Don't worry. I think we all do that, when it comes to security at least. :)

Myself, being a developer constantly fighting with the customer to keep their app safe I agree 99% with you. I agree on the fact that usually security isn't thought of during development and maybe not even after the product has been released. But there is also the fact that there are times when thinking about security too much can hinder a product being released.

The threat model is indeed a living organism which is always changing. That is why we need more people to be aware of security issues. And the new laws and fines will help on that, for a time at least.

But I am wondering how would one go about thinking of the threat models for their product when their product is used in so many different scenarios.
Let's take your database example. How would you go about building a threat model when your product is used for storage, for analytics or for powering the next unsought of product that will help millions of people. A db is used in servers, in mobile apps or even embedded devices. And I think we can continue indefinitely with this example alone.

How would you go about building a threat model that will cover all cases when the threat model is not the same for any two people?

Although myself and my wife share the same house, same car, same hopes and dreams our threat models are radically different. She enjoys and requires usability while myself I need security and awareness above all. For example, a simple backup server for our photos it took me several days to plan, build and configure before I even mentioned to her that I am doing it. And all she wanted was a place where to offload her phone photos but could be reachable when she wanted/needed them. Any cloud solution could have helped with that and made it faster.

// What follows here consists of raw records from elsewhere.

Lemma exists_between (I : finType) (P Q : pred I) (lo hi : I -> R) (b : R) :
  (forall j, Q j -> b < hi j) -> (forall k j, P k -> Q j -> lo k < hi j) ->
  exists t, [/\ b <= t, forall k, P k -> lo k < t & forall j, Q j -> t < hi j].
Proof.
move=> b_hi lo_hi.
set L := \big[Num.max/b]_(k | P k) lo k.
set U := \big[Num.min/(L + 1)]_(j | Q j) hi j.
have LU : L < U.
  apply: lt_bigmin => [|j Qj]; first by rewrite ltrDl ltr01.
  by apply: bigmax_lt => [|k Pk]; [exact: b_hi | exact: lo_hi].
have bL : b <= L by exact: bigmax_ge_id.
have lo_L k : P k -> lo k <= L by exact: le_bigmax_cond.
have U_hi j : Q j -> U <= hi j by exact: bigmin_le_cond.
exists ((L + U) / 2); split.
- lra.
- by move=> k /lo_L; lra.
- by move=> j /U_hi; lra.
Qed.

Section FourierMotzkin.
Variables (J : finType) (r : J -> R).

(* The columns of the system with the row [r] eliminated: the columns [j]
   with [r j <= 0] and the combinations [r k e_j - r j e_k] with
   [r j <= 0 < r k], which generate the cone [{x >= 0 | r x <= 0}]. *)
Definition fm_index :=
  ({j : J | r j <= 0} + {p : J * J | (r p.1 <= 0) && (0 < r p.2)})%type.

Definition fm_comb (f : J -> R) (q : fm_index) : R :=
  match q with
  | inl j => f (val j)
  | inr p => r (val p).2 * f (val p).1 - r (val p).1 * f (val p).2
  end.

Lemma fm_comb_sum (I : finType) (y : I -> R) (M : I -> J -> R) q :
  fm_comb (fun l => \sum_i y i * M i l) q = \sum_i y i * fm_comb (M i) q.
Proof.
case: q => [j|p] //=.
by rewrite !mulr_sumr -sumrB; apply: eq_bigr => i _; ring.
Qed.

Lemma fm_combE f q : fm_comb f q = \sum_l f l * fm_comb (fun l' => (l' == l)%:R) q.
Proof.
by rewrite -fm_comb_sum; case: q => [j|p] /=; rewrite !sum_mul_delta.
Qed.
Theorem lemma4p1 (R : realType) (V : lmodType R[i]) (ip : V -> V -> R[i])
  (HV : separable_inf_dim_hilbert ip)
  (H Hs : op V)
  (Hqsa : quasi_self_adjoint ip H Hs)
  (Hreal : purely_real_spectrum ip H)
  (Hsimple : simple_spectrum H)
  (Hdiscrete : discrete_spectrum ip H)
  (psi chi phi : nat -> V)
  (Hpsi_eig : forall n : nat, exists lam : R[i], eigenvector H lam (psi n))
  (Hpsi_all : forall (lam : R[i]) (x : V), eigenvector H lam x ->
                exists (n : nat) (c : R[i]), x = c *: psi n)
  (Hpsi_basis : is_basis ip psi)
  (Hchi : orthonormal_basis ip chi)
  (Hclose : summable (fun n => nrm ip (psi n - chi n) ^+ 2))
  (Hphi_eig : forall n : nat, exists mu : R[i], eigenvector Hs mu (phi n))
  (Hbiorth : forall m n : nat, ip (psi m) (phi n) = (n == m)%:R)
  (Hphi_norm : forall n : nat, nrm ip (phi n) = 1)
  (Theta : V -> V) (C : nat -> R) (Cm Cp : R)
  (HTheta_metric : is_metric ip H Hs Theta)
  (HTheta_form : forall x : V,
     vseries ip (fun n => ((C n)%:C)%C * ip (phi n) x *: phi n) (Theta x))
  (HCm : 0 < Cm) (HCmp : Cm <= Cp)
  (HC : forall n : nat, Cm <= C n <= Cp) :
  hilbert_schmidt ip (fun x => x - Theta x) <->
  exists alpha : nat -> R,
    (forall n : nat, C n = 1 + alpha n) /\ summable (fun n => alpha n ^+ 2).
Proof.
case: HV => Hip _ _ _.
case: HTheta_metric => [[[Theta_lin [M Theta_le]] Theta_sa] _].
have Theta_psi m : Theta (psi m) = (C m)%:C%C *: phi m.
  exact: biorth_series_psi Hip Hbiorth (HTheta_form (psi m)).
have Cm_le n : Cm <= C n by case/andP: (HC n).
have [S psi_close] : bounded_psum (fun k => sqnorm ip (psi k - chi k)).
  apply: summable_bounded_psum => [k|]; first exact: sqnorm_ge0.
  by apply: eq_summable Hclose => k; rewrite nrm_sqr.
rewrite (id_sub_Theta_hs_iff Hip Hchi Hbiorth Hphi_norm Theta_lin Theta_le Theta_sa
           Theta_psi HCm Cm_le psi_close).
split=> [bC | [alpha [C_alpha sum_alpha]]].
  exists (fun n => C n - 1); split=> [n|]; first by rewrite addrC subrK.
  by apply: bounded_psum_summable bC => n; apply: sqr_ge0.
apply: summable_bounded_psum => [n|]; first exact: sqr_ge0.
by apply: eq_summable sum_alpha => n; rewrite C_alpha addrAC subrr add0r.
Qed.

Circling back to Docker, Docker doesn't do security, it does virtualization.
The security aspect that results from the application's isolated environment is just a bonus.

I see a lot of people selling Docker as an extra layer of security, which is just wrong. It doesn't offer anything else that any other virtualization environment doesn't offer.

They only do virtualization because that is where they are good at. That is why they offload the security part to other, more experienced, more mature systems like AppArmor, SELinux, Linux's user management and network handling.

That is why I said Docker is not bypassing the firewall, but instead it uses it to connect the virtualized environment where the app runs to the real world.

The docs are missing, or aren't putting this information more upfront? I agree! But let's be honest, who's docs don't need improvements.

And I would love to continue, but I need to come back to my project. Who knows, maybe someday we will meet face to face and continue this discussion. I would certainly love so.